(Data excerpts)
- - - - - - -
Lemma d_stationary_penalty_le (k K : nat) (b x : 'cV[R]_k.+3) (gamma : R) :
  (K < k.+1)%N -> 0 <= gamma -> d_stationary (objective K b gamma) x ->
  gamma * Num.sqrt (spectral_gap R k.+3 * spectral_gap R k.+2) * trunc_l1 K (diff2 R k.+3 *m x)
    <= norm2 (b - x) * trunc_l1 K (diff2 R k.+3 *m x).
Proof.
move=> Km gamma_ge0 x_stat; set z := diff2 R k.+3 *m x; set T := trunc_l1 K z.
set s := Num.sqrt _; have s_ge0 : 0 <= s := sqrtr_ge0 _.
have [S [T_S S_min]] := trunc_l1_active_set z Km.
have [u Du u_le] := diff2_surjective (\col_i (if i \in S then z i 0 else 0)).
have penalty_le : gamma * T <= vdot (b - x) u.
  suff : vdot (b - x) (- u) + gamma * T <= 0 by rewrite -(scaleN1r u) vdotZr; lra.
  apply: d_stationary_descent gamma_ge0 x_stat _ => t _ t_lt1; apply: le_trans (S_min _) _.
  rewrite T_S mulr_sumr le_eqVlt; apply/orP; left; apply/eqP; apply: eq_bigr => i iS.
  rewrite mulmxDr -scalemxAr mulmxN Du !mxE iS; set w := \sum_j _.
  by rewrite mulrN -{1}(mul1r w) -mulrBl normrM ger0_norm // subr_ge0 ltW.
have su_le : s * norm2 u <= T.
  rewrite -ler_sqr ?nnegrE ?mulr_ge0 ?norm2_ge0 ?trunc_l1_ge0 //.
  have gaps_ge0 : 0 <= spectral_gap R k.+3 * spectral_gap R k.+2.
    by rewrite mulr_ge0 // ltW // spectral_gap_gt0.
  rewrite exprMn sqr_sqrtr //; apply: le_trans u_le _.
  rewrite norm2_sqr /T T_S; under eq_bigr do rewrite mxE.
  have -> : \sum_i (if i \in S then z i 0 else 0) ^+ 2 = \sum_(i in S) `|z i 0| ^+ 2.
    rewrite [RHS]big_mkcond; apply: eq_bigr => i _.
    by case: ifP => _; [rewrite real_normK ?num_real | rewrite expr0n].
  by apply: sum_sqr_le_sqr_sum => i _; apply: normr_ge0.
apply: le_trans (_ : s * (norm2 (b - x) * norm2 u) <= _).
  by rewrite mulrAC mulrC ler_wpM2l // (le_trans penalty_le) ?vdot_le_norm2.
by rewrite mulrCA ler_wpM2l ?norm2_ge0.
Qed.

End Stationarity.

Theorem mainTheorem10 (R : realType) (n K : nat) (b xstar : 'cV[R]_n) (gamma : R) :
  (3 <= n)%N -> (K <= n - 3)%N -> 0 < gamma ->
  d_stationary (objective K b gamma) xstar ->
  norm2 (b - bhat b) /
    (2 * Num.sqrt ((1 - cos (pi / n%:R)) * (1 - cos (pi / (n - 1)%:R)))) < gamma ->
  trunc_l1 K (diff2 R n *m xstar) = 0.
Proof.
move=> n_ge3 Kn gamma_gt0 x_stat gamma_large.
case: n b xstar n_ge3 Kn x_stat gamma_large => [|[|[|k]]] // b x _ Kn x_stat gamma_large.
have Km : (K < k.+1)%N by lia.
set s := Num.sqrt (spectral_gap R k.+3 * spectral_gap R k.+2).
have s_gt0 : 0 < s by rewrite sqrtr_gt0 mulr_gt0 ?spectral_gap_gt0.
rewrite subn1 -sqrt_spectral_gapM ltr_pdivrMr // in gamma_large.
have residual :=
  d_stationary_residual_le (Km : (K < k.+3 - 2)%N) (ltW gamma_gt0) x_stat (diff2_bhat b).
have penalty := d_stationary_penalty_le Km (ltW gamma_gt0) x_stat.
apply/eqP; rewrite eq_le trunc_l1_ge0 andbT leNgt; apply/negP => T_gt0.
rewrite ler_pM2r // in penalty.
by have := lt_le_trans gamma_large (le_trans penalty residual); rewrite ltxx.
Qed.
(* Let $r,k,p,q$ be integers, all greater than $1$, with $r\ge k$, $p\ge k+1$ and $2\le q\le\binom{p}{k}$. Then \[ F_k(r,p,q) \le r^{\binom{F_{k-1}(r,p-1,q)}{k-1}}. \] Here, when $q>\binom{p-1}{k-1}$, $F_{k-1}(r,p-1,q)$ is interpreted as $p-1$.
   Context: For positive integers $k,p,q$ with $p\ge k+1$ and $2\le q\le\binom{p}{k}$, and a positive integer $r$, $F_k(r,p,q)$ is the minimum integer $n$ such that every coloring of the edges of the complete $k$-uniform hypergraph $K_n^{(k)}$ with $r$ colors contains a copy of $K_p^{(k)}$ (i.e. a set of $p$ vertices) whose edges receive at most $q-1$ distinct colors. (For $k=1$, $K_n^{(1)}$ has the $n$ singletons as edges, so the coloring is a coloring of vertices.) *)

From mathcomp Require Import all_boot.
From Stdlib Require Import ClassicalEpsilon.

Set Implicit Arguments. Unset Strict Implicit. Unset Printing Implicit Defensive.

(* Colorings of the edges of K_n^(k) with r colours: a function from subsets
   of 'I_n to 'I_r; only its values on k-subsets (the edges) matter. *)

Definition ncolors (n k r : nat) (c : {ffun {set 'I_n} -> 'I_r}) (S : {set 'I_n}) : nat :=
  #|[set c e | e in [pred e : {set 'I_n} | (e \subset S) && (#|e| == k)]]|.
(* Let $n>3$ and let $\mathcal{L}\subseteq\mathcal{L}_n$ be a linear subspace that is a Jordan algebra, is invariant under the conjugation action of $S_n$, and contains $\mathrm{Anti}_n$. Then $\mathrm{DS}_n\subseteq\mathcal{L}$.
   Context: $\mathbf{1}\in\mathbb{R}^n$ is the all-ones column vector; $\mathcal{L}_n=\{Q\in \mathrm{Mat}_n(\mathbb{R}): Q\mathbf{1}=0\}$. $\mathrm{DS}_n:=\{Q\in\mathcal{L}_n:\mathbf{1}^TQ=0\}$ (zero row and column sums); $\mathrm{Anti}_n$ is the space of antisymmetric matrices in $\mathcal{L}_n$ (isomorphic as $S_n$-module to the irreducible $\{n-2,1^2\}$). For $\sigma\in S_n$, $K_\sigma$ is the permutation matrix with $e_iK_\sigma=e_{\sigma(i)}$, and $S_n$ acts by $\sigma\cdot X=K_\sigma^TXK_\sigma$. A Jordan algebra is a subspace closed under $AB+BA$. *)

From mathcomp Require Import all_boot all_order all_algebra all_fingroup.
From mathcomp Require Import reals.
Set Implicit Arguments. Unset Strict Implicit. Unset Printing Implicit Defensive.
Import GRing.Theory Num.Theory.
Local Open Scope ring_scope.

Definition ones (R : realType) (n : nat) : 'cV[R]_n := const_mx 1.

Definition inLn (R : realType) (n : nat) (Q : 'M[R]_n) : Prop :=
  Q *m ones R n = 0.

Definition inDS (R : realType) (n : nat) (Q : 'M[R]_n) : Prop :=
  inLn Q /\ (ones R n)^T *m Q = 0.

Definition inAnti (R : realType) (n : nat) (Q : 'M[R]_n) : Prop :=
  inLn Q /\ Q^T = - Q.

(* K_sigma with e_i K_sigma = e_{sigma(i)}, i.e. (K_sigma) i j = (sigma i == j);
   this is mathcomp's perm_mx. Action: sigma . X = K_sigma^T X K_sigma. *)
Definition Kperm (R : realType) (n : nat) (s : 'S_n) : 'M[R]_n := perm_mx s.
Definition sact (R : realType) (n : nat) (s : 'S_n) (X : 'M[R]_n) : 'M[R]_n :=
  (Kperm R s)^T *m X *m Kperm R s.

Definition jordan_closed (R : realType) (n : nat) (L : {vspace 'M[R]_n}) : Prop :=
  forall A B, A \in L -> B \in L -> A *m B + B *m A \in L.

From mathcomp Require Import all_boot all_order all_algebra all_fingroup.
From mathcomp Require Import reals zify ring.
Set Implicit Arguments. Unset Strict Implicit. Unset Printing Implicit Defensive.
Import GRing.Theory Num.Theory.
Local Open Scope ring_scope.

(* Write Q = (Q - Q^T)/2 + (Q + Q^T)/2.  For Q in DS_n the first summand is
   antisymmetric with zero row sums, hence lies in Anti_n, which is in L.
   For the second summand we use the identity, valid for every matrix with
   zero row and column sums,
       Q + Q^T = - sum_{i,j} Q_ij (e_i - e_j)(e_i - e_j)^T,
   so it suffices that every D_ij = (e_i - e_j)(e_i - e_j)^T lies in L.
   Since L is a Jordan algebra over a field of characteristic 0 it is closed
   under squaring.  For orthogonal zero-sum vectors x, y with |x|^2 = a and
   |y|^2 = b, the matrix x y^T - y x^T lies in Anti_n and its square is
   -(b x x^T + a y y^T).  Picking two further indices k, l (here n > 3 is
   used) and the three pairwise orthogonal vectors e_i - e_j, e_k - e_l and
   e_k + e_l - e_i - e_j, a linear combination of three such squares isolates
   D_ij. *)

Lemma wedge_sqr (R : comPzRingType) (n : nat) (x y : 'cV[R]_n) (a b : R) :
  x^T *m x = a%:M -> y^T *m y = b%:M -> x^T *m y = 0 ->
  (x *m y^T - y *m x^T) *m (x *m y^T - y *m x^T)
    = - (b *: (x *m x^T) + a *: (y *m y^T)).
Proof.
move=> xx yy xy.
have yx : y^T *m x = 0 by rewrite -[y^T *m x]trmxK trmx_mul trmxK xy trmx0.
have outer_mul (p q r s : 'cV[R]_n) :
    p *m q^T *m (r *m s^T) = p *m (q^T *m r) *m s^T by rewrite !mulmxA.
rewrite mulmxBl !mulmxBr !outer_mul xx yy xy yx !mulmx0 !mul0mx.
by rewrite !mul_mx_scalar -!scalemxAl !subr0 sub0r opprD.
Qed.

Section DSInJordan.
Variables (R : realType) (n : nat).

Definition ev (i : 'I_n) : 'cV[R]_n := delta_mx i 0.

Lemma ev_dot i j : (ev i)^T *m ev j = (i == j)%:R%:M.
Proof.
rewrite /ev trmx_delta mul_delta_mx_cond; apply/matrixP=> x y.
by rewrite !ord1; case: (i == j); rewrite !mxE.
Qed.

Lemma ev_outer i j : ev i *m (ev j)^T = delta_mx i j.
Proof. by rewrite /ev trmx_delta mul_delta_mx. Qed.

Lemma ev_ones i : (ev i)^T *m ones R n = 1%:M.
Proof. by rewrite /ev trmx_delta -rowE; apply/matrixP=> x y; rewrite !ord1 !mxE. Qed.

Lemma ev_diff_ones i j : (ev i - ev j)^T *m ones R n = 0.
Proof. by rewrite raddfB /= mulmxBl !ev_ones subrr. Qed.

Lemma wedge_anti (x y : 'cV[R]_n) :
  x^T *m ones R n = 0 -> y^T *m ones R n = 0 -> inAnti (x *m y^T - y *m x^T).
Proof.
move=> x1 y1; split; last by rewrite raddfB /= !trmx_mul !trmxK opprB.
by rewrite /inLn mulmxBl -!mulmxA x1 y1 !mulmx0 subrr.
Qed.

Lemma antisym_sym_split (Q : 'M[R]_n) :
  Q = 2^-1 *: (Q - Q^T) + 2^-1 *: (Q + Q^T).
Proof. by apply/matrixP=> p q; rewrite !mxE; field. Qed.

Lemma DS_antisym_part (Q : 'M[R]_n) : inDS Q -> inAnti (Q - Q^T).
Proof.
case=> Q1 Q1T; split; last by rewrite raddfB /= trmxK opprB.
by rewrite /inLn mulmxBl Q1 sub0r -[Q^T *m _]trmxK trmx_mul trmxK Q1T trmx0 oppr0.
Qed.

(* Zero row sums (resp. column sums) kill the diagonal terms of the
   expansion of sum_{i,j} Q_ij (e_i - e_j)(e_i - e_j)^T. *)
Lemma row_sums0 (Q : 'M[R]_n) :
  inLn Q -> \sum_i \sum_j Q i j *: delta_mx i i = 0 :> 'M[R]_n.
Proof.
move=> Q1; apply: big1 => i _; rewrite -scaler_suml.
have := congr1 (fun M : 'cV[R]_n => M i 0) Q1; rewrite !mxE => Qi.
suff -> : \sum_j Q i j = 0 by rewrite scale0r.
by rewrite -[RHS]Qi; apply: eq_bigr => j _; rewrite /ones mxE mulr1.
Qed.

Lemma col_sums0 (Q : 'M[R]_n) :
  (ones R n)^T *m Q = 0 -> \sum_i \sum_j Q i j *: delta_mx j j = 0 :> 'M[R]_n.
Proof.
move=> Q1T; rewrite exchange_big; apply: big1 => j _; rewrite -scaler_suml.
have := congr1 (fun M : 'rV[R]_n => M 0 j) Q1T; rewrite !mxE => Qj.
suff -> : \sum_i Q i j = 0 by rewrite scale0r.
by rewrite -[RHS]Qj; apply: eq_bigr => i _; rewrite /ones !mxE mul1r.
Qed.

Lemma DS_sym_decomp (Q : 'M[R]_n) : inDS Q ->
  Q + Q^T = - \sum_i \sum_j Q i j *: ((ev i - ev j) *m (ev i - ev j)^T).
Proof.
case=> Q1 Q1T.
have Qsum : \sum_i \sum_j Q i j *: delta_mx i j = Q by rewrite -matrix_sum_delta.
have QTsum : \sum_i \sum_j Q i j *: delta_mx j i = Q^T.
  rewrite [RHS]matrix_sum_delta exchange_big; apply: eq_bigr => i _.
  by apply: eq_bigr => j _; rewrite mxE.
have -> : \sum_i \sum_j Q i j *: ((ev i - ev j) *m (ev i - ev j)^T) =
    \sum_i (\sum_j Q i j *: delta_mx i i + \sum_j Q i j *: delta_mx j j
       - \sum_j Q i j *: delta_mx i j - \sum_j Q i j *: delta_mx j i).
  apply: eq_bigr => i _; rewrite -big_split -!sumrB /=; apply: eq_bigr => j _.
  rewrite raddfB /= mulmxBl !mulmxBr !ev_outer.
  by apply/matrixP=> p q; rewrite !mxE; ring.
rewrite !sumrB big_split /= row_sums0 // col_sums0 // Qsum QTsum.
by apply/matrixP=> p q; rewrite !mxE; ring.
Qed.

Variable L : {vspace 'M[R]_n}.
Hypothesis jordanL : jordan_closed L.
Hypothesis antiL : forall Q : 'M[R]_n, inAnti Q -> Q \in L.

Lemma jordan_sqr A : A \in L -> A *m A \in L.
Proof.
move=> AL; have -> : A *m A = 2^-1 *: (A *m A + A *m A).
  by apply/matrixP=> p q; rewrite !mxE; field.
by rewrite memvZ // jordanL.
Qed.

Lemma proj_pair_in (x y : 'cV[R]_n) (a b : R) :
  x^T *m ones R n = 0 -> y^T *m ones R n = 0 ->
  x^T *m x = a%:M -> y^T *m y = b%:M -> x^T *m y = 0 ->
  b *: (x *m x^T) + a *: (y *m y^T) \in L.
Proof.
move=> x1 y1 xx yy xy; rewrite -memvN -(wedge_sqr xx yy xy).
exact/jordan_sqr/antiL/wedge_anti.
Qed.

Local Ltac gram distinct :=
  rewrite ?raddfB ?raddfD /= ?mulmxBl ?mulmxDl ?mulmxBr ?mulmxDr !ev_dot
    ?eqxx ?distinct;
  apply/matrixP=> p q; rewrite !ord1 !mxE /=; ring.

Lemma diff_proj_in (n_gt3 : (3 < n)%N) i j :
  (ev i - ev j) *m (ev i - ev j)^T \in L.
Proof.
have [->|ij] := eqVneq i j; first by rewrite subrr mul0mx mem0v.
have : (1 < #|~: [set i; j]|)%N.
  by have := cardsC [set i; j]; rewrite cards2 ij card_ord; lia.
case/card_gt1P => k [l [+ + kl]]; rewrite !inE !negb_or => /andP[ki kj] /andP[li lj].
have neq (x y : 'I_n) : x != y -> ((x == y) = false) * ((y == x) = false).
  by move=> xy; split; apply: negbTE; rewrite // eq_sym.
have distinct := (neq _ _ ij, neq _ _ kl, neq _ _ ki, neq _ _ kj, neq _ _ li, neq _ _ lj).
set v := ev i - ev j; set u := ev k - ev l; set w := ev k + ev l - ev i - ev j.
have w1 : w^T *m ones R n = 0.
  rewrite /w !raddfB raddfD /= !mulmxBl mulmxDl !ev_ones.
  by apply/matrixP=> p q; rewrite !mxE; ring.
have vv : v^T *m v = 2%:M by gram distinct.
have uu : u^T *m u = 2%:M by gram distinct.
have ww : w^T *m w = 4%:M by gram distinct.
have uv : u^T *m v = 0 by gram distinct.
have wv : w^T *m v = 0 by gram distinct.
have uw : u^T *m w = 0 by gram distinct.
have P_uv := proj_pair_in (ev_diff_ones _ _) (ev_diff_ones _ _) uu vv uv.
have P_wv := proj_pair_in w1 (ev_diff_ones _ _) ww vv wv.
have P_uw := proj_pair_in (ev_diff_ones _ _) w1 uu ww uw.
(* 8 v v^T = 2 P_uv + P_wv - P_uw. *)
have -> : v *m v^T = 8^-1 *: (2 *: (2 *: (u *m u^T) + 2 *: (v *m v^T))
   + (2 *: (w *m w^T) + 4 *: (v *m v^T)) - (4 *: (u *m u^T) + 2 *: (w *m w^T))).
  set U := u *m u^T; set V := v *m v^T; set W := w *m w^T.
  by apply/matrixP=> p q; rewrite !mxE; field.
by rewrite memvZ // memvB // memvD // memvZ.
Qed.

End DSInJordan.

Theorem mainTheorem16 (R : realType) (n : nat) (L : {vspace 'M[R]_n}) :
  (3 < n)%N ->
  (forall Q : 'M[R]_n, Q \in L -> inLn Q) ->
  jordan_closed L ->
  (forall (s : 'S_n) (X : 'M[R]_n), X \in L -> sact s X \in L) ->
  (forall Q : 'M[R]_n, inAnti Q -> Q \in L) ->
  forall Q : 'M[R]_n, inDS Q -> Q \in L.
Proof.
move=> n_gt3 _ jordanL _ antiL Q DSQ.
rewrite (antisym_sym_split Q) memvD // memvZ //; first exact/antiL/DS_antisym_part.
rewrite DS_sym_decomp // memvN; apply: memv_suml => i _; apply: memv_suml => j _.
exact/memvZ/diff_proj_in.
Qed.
- - - - - - -
Your objective | Begin at the line above that has "so it suffices" and stop after the line that has "Section DSInJordan.", copying each line exactly and adding nothing else.

Answer to this task |
   so it suffices that every D_ij = (e_i - e_j)(e_i - e_j)^T lies in L.
   Since L is a Jordan algebra over a field of characteristic 0 it is closed
   under squaring.  For orthogonal zero-sum vectors x, y with |x|^2 = a and
   |y|^2 = b, the matrix x y^T - y x^T lies in Anti_n and its square is
   -(b x x^T + a y y^T).  Picking two further indices k, l (here n > 3 is
   used) and the three pairwise orthogonal vectors e_i - e_j, e_k - e_l and
   e_k + e_l - e_i - e_j, a linear combination of three such squares isolates
   D_ij. *)

Lemma wedge_sqr (R : comPzRingType) (n : nat) (x y : 'cV[R]_n) (a b : R) :
  x^T *m x = a%:M -> y^T *m y = b%:M -> x^T *m y = 0 ->
  (x *m y^T - y *m x^T) *m (x *m y^T - y *m x^T)
    = - (b *: (x *m x^T) + a *: (y *m y^T)).
Proof.
move=> xx yy xy.
have yx : y^T *m x = 0 by rewrite -[y^T *m x]trmxK trmx_mul trmxK xy trmx0.
have outer_mul (p q r s : 'cV[R]_n) :
    p *m q^T *m (r *m s^T) = p *m (q^T *m r) *m s^T by rewrite !mulmxA.
rewrite mulmxBl !mulmxBr !outer_mul xx yy xy yx !mulmx0 !mul0mx.
by rewrite !mul_mx_scalar -!scalemxAl !subr0 sub0r opprD.
Qed.

Section DSInJordan.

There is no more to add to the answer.